Zombie Processes as a HIPS Bypass

A long long time ago (about 10 years in non-internet time) malware developers only had to worry about signature based detection, which could be easily bypasses with polymorphic droppers or executable encryption. To deal with rapidly evolving malware, capable of evading signature detection, HIPS was created.

HIPS (Host-based Intrusion Prevention System), sometimes referred to as Proactive Protection or Proactive Defense, is an anti-malware technique designed to detect malware by behavior, and not its file signature. Using kernel mode callback and hooking, HIPS systems can monitor which functions an executable calls, with which parameters, and in what order. By monitoring executable calls the HIPS can get a decent idea of what the executable is trying to do, Ex: Allocating executable memory in a foreign process, followed by creating a thread that resides in the allocated memory; The process is likely trying to inject code. Once the executable tries to perform an action that is deemed malicious, the system can decide what to do based on how common the application is, if it’s signed and by whom. For a malicious executable to escape a HIPS, it would have to trick the system into believing it’s a legitimate signed application.

Due to non-static data within a process, such as absolute addresses, imports, and statically allocated variables; it is not possible to verify the digital signature of a running process. To check a process’ signature, the HIPS would have to get the executable file path from the PEB (Process Environment Block) or the section handle, then verify the signature of the file on disk. ## Zombie Processes

The concept of zombie processes is pretty simple: we can create a standard Windows process in a suspended state, then write our malicious code to the processes’ memory; the PEB and the EPROCESS structures will still be that of the original process, causing the HIPS to see the now malicious process as a legitimate signed executable (this is not RunPE or dynamic forking, because we don’t unmap the original executable and replacing it with our malicious one, as thos can be detected in multiple ways). It’s basically PE injection, but with less exposure to functions that would allow the HIPS to detect code injection.

  • CreateProcess returns a handle to the created process and its main thread with full access, so we don’t have to call OpenProcess or OpenThread.
  • The main thread is in a suspended state and we know the entry point, so no need to call CreateRemoteThread.
  • Modification to a child process is far less suspicious that a foreign one.
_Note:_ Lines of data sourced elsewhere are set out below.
(* Every singular point $K'=(\mathbf{k}'_1,\dots,\mathbf{k}'_6)$ of the singularity variety $V=0$ corresponds to one of the following configurations: (1) the three legs are collinear, i.e. all six points $\mathbf{k}'_1,\dots,\mathbf{k}'_6$ lie on a common line; (2) two legs are collinear and one leg degenerates to a point, i.e. for some permutation $(i,j,l)$ of $(1,2,3)$ one has $\mathbf{k}'_l=\mathbf{k}'_{l+3}$ and $\mathbf{k}'_i,\mathbf{k}'_{i+3},\mathbf{k}'_j,\mathbf{k}'_{j+3}$ lie on a common line; (3) two legs degenerate to points, i.e. $\mathbf{k}'_i=\mathbf{k}'_{i+3}$ and $\mathbf{k}'_j=\mathbf{k}'_{j+3}$ for some distinct $i,j\in\{1,2,3\}$; (4) one leg degenerates to a point and the carrier lines of the remaining two legs pass through that point, i.e. for some permutation $(i,j,l)$ of $(1,2,3)$ one has $\mathbf{k}'_l=\mathbf{k}'_{l+3}=:\mathbf{q}$, the points $\mathbf{q},\mathbf{k}'_i,\mathbf{k}'_{i+3}$ lie on a common line and the points $\mathbf{q},\mathbf{k}'_j,\mathbf{k}'_{j+3}$ lie on a common line.
   Context: A configuration is $K'=(\mathbf{k}'_1,\dots,\mathbf{k}'_6)$ with $\mathbf{k}'_i=(c_i,d_i)^T\in\mathbb{R}^2$, viewed as a point of $\mathbb{R}^{12}$; $\mathbf{k}'_1,\mathbf{k}'_2,\mathbf{k}'_3$ are base anchor points, $\mathbf{k}'_4,\mathbf{k}'_5,\mathbf{k}'_6$ platform anchor points, and the $i$-th leg ($i=1,2,3$) joins $\mathbf{k}'_i$ and $\mathbf{k}'_{i+3}$; its carrier line is the line through these two points. The singularity polynomial is $V(K')=\det\mathbf{V}(K')$, where $\mathbf{V}(K')$ is the $3\times3$ matrix whose $i$-th column ($i=1,2,3$) consists of the two coordinates of $\mathbf{k}'_{i+3}-\mathbf{k}'_i$ followed by $\det(\mathbf{k}'_i,\mathbf{k}'_{i+3}-\mathbf{k}'_i)$. A singular point of $V=0$ is a point of $\mathbb{R}^{12}$ where $V$ and all its partial derivatives with respect to $c_1,\dots,c_6,d_1,\dots,d_6$ vanish. *)

From Stdlib Require Import Reals List.
From Coquelicot Require Import Coquelicot.
Import ListNotations.
Open Scope R_scope.

(* A configuration K' = (k'_1,...,k'_6), k'_n = (c n, d n), n = 1..6,
   is given by the two coordinate functions c, d : nat -> R
   (only the indices 1..6 are relevant). *)

Definition det2 (x1 y1 x2 y2 : R) : R := x1 * y2 - y1 * x2.

Definition det3 (a1 a2 a3 b1 b2 b3 e1 e2 e3 : R) : R :=
  a1 * (b2 * e3 - e2 * b3) - b1 * (a2 * e3 - e2 * a3) + e1 * (a2 * b3 - b2 * a3).

(* i-th column of V(K'), i = 1,2,3:
   k'_{i+3} - k'_i followed by det(k'_i, k'_{i+3} - k'_i) *)
Definition colx (c d : nat -> R) (i : nat) : R := c (i + 3)%nat - c i.
Definition coly (c d : nat -> R) (i : nat) : R := d (i + 3)%nat - d i.
Definition colz (c d : nat -> R) (i : nat) : R :=
  det2 (c i) (d i) (c (i + 3)%nat - c i) (d (i + 3)%nat - d i).

Definition Vpoly (c d : nat -> R) : R :=
  det3 (colx c d 1) (coly c d 1) (colz c d 1)
       (colx c d 2) (coly c d 2) (colz c d 2)
       (colx c d 3) (coly c d 3) (colz c d 3).

Definition upd (f : nat -> R) (k : nat) (t : R) : nat -> R :=
  fun n => if Nat.eqb n k then t else f n.

Definition singular_point (c d : nat -> R) : Prop :=
  Vpoly c d = 0 /\
  forall k : nat, (1 <= k <= 6)%nat ->
    is_derive (fun t => Vpoly (upd c k t) d) (c k) 0 /\
    is_derive (fun t => Vpoly c (upd d k t)) (d k) 0.

Definition collinear (ps : list (R * R)) : Prop :=
  exists a b e : R, (a <> 0 \/ b <> 0) /\
    List.Forall (fun p => a * fst p + b * snd p = e) ps.

Definition pt (c d : nat -> R) (n : nat) : R * R := (c n, d n).

Definition leg_degenerate (c d : nat -> R) (l : nat) : Prop :=
  pt c d l = pt c d (l + 3)%nat.

Definition perm123 (i j l : nat) : Prop :=
  (1 <= i <= 3)%nat /\ (1 <= j <= 3)%nat /\ (1 <= l <= 3)%nat /\
  i <> j /\ j <> l /\ i <> l.

From Stdlib Require Import Reals List Lra Lia Classical.
From Coquelicot Require Import Coquelicot.
Import ListNotations.
Open Scope R_scope.

(* The i-th column v_i = (x_i, y_i, z_i) of V(K') holds the Pluecker
   coordinates of the carrier line of leg i, and V = v_i . (v_j x v_l) for every
   cyclic permutation (i, j, l) of (1, 2, 3).  As v_i is affine in k'_i and in
   k'_{i+3}, the four partial derivatives in the coordinates of leg i are affine
   in w := v_j x v_l, and they vanish iff either w = 0, or w_3 <> 0,
   k'_i = k'_{i+3} =: q and w = w_3 (q_2, -q_1, 1); since w is orthogonal to v_j
   and v_l, the latter says that q lies on the carrier lines of legs j and l
   (configuration 4).  Otherwise v_1, v_2, v_3 are pairwise parallel.  As v_i = 0
   exactly when leg i degenerates, and parallel nonzero columns describe the same
   line, configurations 1-3 follow according to the number of degenerate legs. *)

Lemma is_derive_eq (f : R -> R) x l1 l2 :
  is_derive f x l1 -> is_derive f x l2 -> l1 = l2.
Proof.
  intros H1 H2. now rewrite <- (is_derive_unique _ _ _ H1), (is_derive_unique _ _ _ H2).
Qed.

Definition cross_x (c d : nat -> R) (i j : nat) : R :=
  coly c d i * colz c d j - coly c d j * colz c d i.
Definition cross_y (c d : nat -> R) (i j : nat) : R :=
  colz c d i * colx c d j - colz c d j * colx c d i.
Definition cross_z (c d : nat -> R) (i j : nat) : R :=
  colx c d i * coly c d j - colx c d j * coly c d i.

Definition legs_parallel (c d : nat -> R) (i j : nat) : Prop :=
  cross_x c d i j = 0 /\ cross_y c d i j = 0 /\ cross_z c d i j = 0.

(* A point p lies on the carrier line of leg i iff y_i p_1 - x_i p_2 = z_i.
   For a degenerate leg this equation holds for every p. *)
Definition on_carrier (c d : nat -> R) (i : nat) (p : R * R) : Prop :=
  coly c d i * fst p - colx c d i * snd p = colz c d i.

Definition cyclic123 (i j l : nat) : Prop :=
  (i = 1 /\ j = 2 /\ l = 3)%nat \/ (i = 2 /\ j = 3 /\ l = 1)%nat \/
  (i = 3 /\ j = 1 /\ l = 2)%nat.

Ltac derive_Vpoly :=
  intros [[-> [-> ->]] | [[-> [-> ->]] | [-> [-> ->]]]];
  unfold cross_x, cross_y, cross_z, Vpoly, colx, coly, colz, det3, det2, upd; simpl;
  auto_derive; (try exact I); ring.

Lemma is_derive_Vpoly_c_base c d i j l x : cyclic123 i j l ->
  is_derive (fun t => Vpoly (upd c i t) d) x
    (cross_z c d j l * d (i + 3)%nat - cross_x c d j l).
Proof. derive_Vpoly. Qed.

Lemma is_derive_Vpoly_d_base c d i j l x : cyclic123 i j l ->
  is_derive (fun t => Vpoly c (upd d i t)) x
    (- cross_y c d j l - cross_z c d j l * c (i + 3)%nat).
Proof. derive_Vpoly. Qed.

Lemma is_derive_Vpoly_c_platform c d i j l x : cyclic123 i j l ->
  is_derive (fun t => Vpoly (upd c (i + 3) t) d) x
    (cross_x c d j l - cross_z c d j l * d i).
Proof. derive_Vpoly. Qed.

Lemma is_derive_Vpoly_d_platform c d i j l x : cyclic123 i j l ->
  is_derive (fun t => Vpoly c (upd d (i + 3) t)) x
    (cross_y c d j l + cross_z c d j l * c i).
Proof. derive_Vpoly. Qed.

Lemma cyclic123_bounds i j l : cyclic123 i j l -> (1 <= i <= 3)%nat.
Proof. intros [[-> _] | [[-> _] | [-> _]]]; lia. Qed.

Lemma singular_leg_equations c d i j l : singular_point c d -> cyclic123 i j l ->
  cross_z c d j l * d (i + 3)%nat - cross_x c d j l = 0 /\
  - cross_y c d j l - cross_z c d j l * c (i + 3)%nat = 0 /\
  cross_x c d j l - cross_z c d j l * d i = 0 /\
  cross_y c d j l + cross_z c d j l * c i = 0.
Proof.
  intros [_ Hgrad] Hijl.
  pose proof (cyclic123_bounds _ _ _ Hijl) as Hi.
  destruct (Hgrad i ltac:(lia)) as [Hc Hd].
  destruct (Hgrad (i + 3)%nat ltac:(lia)) as [Hc' Hd'].
  repeat split; eapply is_derive_eq.
  - exact (is_derive_Vpoly_c_base c d i j l (c i) Hijl).
  - exact Hc.
  - exact (is_derive_Vpoly_d_base c d i j l (d i) Hijl).
  - exact Hd.
  - exact (is_derive_Vpoly_c_platform c d i j l (c (i + 3)%nat) Hijl).
  - exact Hc'.
  - exact (is_derive_Vpoly_d_platform c d i j l (d (i + 3)%nat) Hijl).
  - exact Hd'.
Qed.

Lemma leg_direction_nonzero c d i : ~ leg_degenerate c d i ->
  colx c d i <> 0 \/ coly c d i <> 0.
Proof.
  intros Hnd. unfold colx, coly.
  destruct (Req_dec (c (i + 3)%nat - c i) 0) as [Ex|Ex]; [|now left].
  destruct (Req_dec (d (i + 3)%nat - d i) 0) as [Ey|Ey]; [|now right].
  exfalso; apply Hnd. unfold leg_degenerate, pt. f_equal; lra.
Qed.

Lemma on_carrier_leg_ends c d i :
  List.Forall (on_carrier c d i) [pt c d i; pt c d (i + 3)].
Proof. unfold on_carrier, colx, coly, colz, det2; repeat constructor; simpl; ring. Qed.

Lemma collinear_of_on_carrier c d i ps : ~ leg_degenerate c d i ->
  List.Forall (on_carrier c d i) ps -> collinear ps.
Proof.
  intros Hnd Hps. exists (coly c d i), (- colx c d i), (colz c d i). split.
  - destruct (leg_direction_nonzero c d i Hnd); [right | left]; lra.
  - revert Hps; apply Forall_impl. unfold on_carrier; intros p Hp; lra.
Qed.

Lemma collinear_repeat (q p : R * R) : collinear [q; p; p].
Proof.
  destruct q as [q1 q2], p as [p1 p2].
  destruct (Req_dec p1 q1) as [E|E].
  - exists 1, 0, q1. split; [left; lra|]. subst; repeat constructor; simpl; lra.
  - exists (p2 - q2), (q1 - p1), (p2 * q1 - q2 * p1). split; [right; lra|].
    repeat constructor; simpl; ring.
Qed.

Lemma collinear_leg_through c d j q : on_carrier c d j q ->
  collinear [q; pt c d j; pt c d (j + 3)].
Proof.
  intros Hq. destruct (classic (leg_degenerate c d j)) as [Hd|Hnd].
  - rewrite <- Hd. apply collinear_repeat.
  - apply (collinear_of_on_carrier c d j); [exact Hnd|].
    constructor; [exact Hq | apply on_carrier_leg_ends].
Qed.

Lemma legs_parallel_sym c d i j : legs_parallel c d i j -> legs_parallel c d j i.
Proof. unfold legs_parallel, cross_x, cross_y, cross_z; intros; repeat split; lra. Qed.

Lemma on_carrier_of_parallel c d i j : legs_parallel c d i j -> ~ leg_degenerate c d j ->
  List.Forall (on_carrier c d i) [pt c d j; pt c d (j + 3)].
Proof.
  intros (Px & Py & Pz) Hnd.
  set (defect := coly c d i * c j - colx c d i * d j - colz c d i).
  assert (Hx : colx c d j * defect = - (c j * cross_z c d i j + cross_y c d i j))
    by (unfold defect, cross_y, cross_z, colx, coly, colz, det2; ring).
  assert (Hy : coly c d j * defect = cross_x c d i j - d j * cross_z c d i j)
    by (unfold defect, cross_x, cross_z, colx, coly, colz, det2; ring).
  rewrite Px, Py, Pz in *.
  assert (Hdefect : defect = 0).
  { destruct (leg_direction_nonzero c d j Hnd) as [N|N];
      [apply (Rmult_eq_reg_l (colx c d j)) | apply (Rmult_eq_reg_l (coly c d j))]; lra. }
  unfold defect, on_carrier in *. repeat constructor; simpl; [lra|].
  unfold cross_z, colx, coly in *. lra.
Qed.

Lemma on_carrier_of_cross c d j l p :
  cross_x c d j l = cross_z c d j l * snd p ->
  cross_y c d j l = - cross_z c d j l * fst p ->
  cross_z c d j l <> 0 ->
  on_carrier c d j p /\ on_carrier c d l p.
Proof.
  intros Hx Hy Hz. unfold on_carrier.
  assert (Tj : cross_x c d j l * colx c d j + cross_y c d j l * coly c d j
               + cross_z c d j l * colz c d j = 0)
    by (unfold cross_x, cross_y, cross_z; ring).
  assert (Tl : cross_x c d j l * colx c d l + cross_y c d j l * coly c d l
               + cross_z c d j l * colz c d l = 0)
    by (unfold cross_x, cross_y, cross_z; ring).
  rewrite Hx, Hy in Tj, Tl.
  split; apply (Rmult_eq_reg_l (cross_z c d j l)); [lra | exact Hz | lra | exact Hz].
Qed.

Definition legs_collinear (c d : nat -> R) : Prop :=
  collinear [pt c d 1; pt c d 2; pt c d 3; pt c d 4; pt c d 5; pt c d 6].

Definition degenerate_leg_collinear_legs (c d : nat -> R) : Prop :=
  exists i j l : nat, perm123 i j l /\ leg_degenerate c d l /\
    collinear [pt c d i; pt c d (i + 3); pt c d j; pt c d (j + 3)].

Definition two_degenerate_legs (c d : nat -> R) : Prop :=
  exists i j : nat, (1 <= i <= 3)%nat /\ (1 <= j <= 3)%nat /\ i <> j /\
    leg_degenerate c d i /\ leg_degenerate c d j.

Definition degenerate_leg_concurrent_legs (c d : nat -> R) : Prop :=
  exists i j l : nat, perm123 i j l /\ leg_degenerate c d l /\
    collinear [pt c d l; pt c d i; pt c d (i + 3)] /\
    collinear [pt c d l; pt c d j; pt c d (j + 3)].

Lemma singular_leg_cases c d i j l : singular_point c d -> cyclic123 i j l ->
  legs_parallel c d j l \/ degenerate_leg_concurrent_legs c d.
Proof.
  intros Hsing Hijl.
  destruct (singular_leg_equations c d i j l Hsing Hijl) as (Ec & Ed & Ec' & Ed').
  destruct (Req_dec (cross_z c d j l) 0) as [Z|Z].
  { left. rewrite Z in *. repeat split; lra. }
  right. exists j, l, i.
  (* base and platform equations differ by cross_z times k'_{i+3} - k'_i *)
  assert (Hc : c i = c (i + 3)%nat)
    by (apply (Rmult_eq_reg_l (cross_z c d j l)); [lra | exact Z]).
  assert (Hd : d i = d (i + 3)%nat)
    by (apply (Rmult_eq_reg_l (cross_z c d j l)); [lra | exact Z]).
  destruct (on_carrier_of_cross c d j l (pt c d i)) as [Hj Hl]; simpl; [lra | lra | exact Z |].
  split; [unfold perm123; destruct Hijl as [(-> & -> & ->) | [(-> & -> & ->) | (-> & -> & ->)]]; lia|].
  split; [unfold leg_degenerate, pt; congruence|].
  split; apply collinear_leg_through; assumption.
Qed.

Lemma collinear_two_legs c d i j : legs_parallel c d i j ->
  ~ leg_degenerate c d i -> ~ leg_degenerate c d j ->
  collinear [pt c d i; pt c d (i + 3); pt c d j; pt c d (j + 3)].
Proof.
  intros Pij Hi Hj. apply (collinear_of_on_carrier c d i); [exact Hi|].
  apply (Forall_app _ [_; _] [_; _]).
  split; [apply on_carrier_leg_ends | now apply on_carrier_of_parallel].
Qed.

Lemma collinear_three_legs c d i j l : legs_parallel c d i j -> legs_parallel c d i l ->
  ~ leg_degenerate c d i -> ~ leg_degenerate c d j -> ~ leg_degenerate c d l ->
  collinear [pt c d i; pt c d j; pt c d l; pt c d (i + 3); pt c d (j + 3); pt c d (l + 3)].
Proof.
  intros Pij Pil Hi Hj Hl. apply (collinear_of_on_carrier c d i); [exact Hi|].
  pose proof (on_carrier_leg_ends c d i) as Ei.
  pose proof (on_carrier_of_parallel c d i j Pij Hj) as Ej.
  pose proof (on_carrier_of_parallel c d i l Pil Hl) as El.
  rewrite !Forall_cons_iff in Ei, Ej, El.
  repeat constructor; tauto.
Qed.

Lemma parallel_legs_cases c d :
  legs_parallel c d 1 2 -> legs_parallel c d 1 3 -> legs_parallel c d 2 3 ->
  legs_collinear c d \/ degenerate_leg_collinear_legs c d \/ two_degenerate_legs c d.
Proof.
  intros P12 P13 P23.
  destruct (classic (leg_degenerate c d 1)) as [D1|D1];
  destruct (classic (leg_degenerate c d 2)) as [D2|D2];
  destruct (classic (leg_degenerate c d 3)) as [D3|D3];
  try solve [right; right;
    ((exists 1%nat, 2%nat) + (exists 1%nat, 3%nat) + (exists 2%nat, 3%nat));
    repeat split; auto; lia].
  - right; left. exists 2%nat, 3%nat, 1%nat.
    split; [unfold perm123; lia | split; [exact D1 | now apply collinear_two_legs]].
  - right; left. exists 1%nat, 3%nat, 2%nat.
    split; [unfold perm123; lia | split; [exact D2 | now apply collinear_two_legs]].
  - right; left. exists 1%nat, 2%nat, 3%nat.
    split; [unfold perm123; lia | split; [exact D3 | now apply collinear_two_legs]].
  - left. now apply collinear_three_legs.
Qed.

Theorem theorem4 (c d : nat -> R) :
  singular_point c d ->
  (* (1) all three legs collinear *)
  collinear [pt c d 1; pt c d 2; pt c d 3; pt c d 4; pt c d 5; pt c d 6]
  (* (2) two legs collinear, one leg degenerate *)
  \/ (exists i j l : nat, perm123 i j l /\ leg_degenerate c d l /\
        collinear [pt c d i; pt c d (i + 3); pt c d j; pt c d (j + 3)])
  (* (3) two legs degenerate *)
  \/ (exists i j : nat, (1 <= i <= 3)%nat /\ (1 <= j <= 3)%nat /\ i <> j /\
        leg_degenerate c d i /\ leg_degenerate c d j)
  (* (4) one leg degenerates to q, carrier lines of the other two pass through q *)
  \/ (exists i j l : nat, perm123 i j l /\ leg_degenerate c d l /\
        collinear [pt c d l; pt c d i; pt c d (i + 3)] /\
        collinear [pt c d l; pt c d j; pt c d (j + 3)]).
Proof.
  intros Hsing.
  change (legs_collinear c d \/ degenerate_leg_collinear_legs c d \/
          two_degenerate_legs c d \/ degenerate_leg_concurrent_legs c d).
  destruct (singular_leg_cases c d 1 2 3 Hsing ltac:(red; lia)) as [P23 | C]; [| tauto].
  destruct (singular_leg_cases c d 2 3 1 Hsing ltac:(red; lia)) as [P31 | C]; [| tauto].
  destruct (singular_leg_cases c d 3 1 2 Hsing ltac:(red; lia)) as [P12 | C]; [| tauto].
  apply legs_parallel_sym in P31.
  destruct (parallel_legs_cases c d P12 P31 P23) as [H | [H | H]]; tauto.
Qed.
Injecting the Code A common practice is to call VirtualAllocEx to allocate memory, then use the returned address to relocate the code ready to run at that address. Once the code has been prepared, it can be written to the process with WriteProcessMemory. This is a terrible idea, every HIPS ever expects malware to do that. A better practice used by newer malware (such as Andromeda and BetaBot) is to create as section, then use NtMapViewOfSection to map the section into both the current process and the target process. It’s not really possible to know what address the section will be mapped at before mapping it, so this would cause a problem with code that requires relocation.

NtMapViewOfSection actually maps the same physical section into both processes (writing the map of the section in the current process will also write the map in the target process), we can simply map the section into both processes then relocate and write the code to the section in the current process, resulting in it also being written to the target process, no WriteProcessMemory needed!

Executing the Code There’s a few ways to do this, but I’ll go over the 2 most common.

  • Use SetThreadContext to change the EAX register (which points to the process entry point) to the entry point of your code.
  • Use WriteProcessMemory to write a jump from the process entry point to your code.


Once the code is running inside the trusted process, it is likely to have far more freedom as to what it can do without triggering antivirus warnings, the PEB, EPROCESS and Section Handle, all still point to the original process. As always I’ve included some example code: https://github.com/MalwareTech/ZombifyProcess

Like magic!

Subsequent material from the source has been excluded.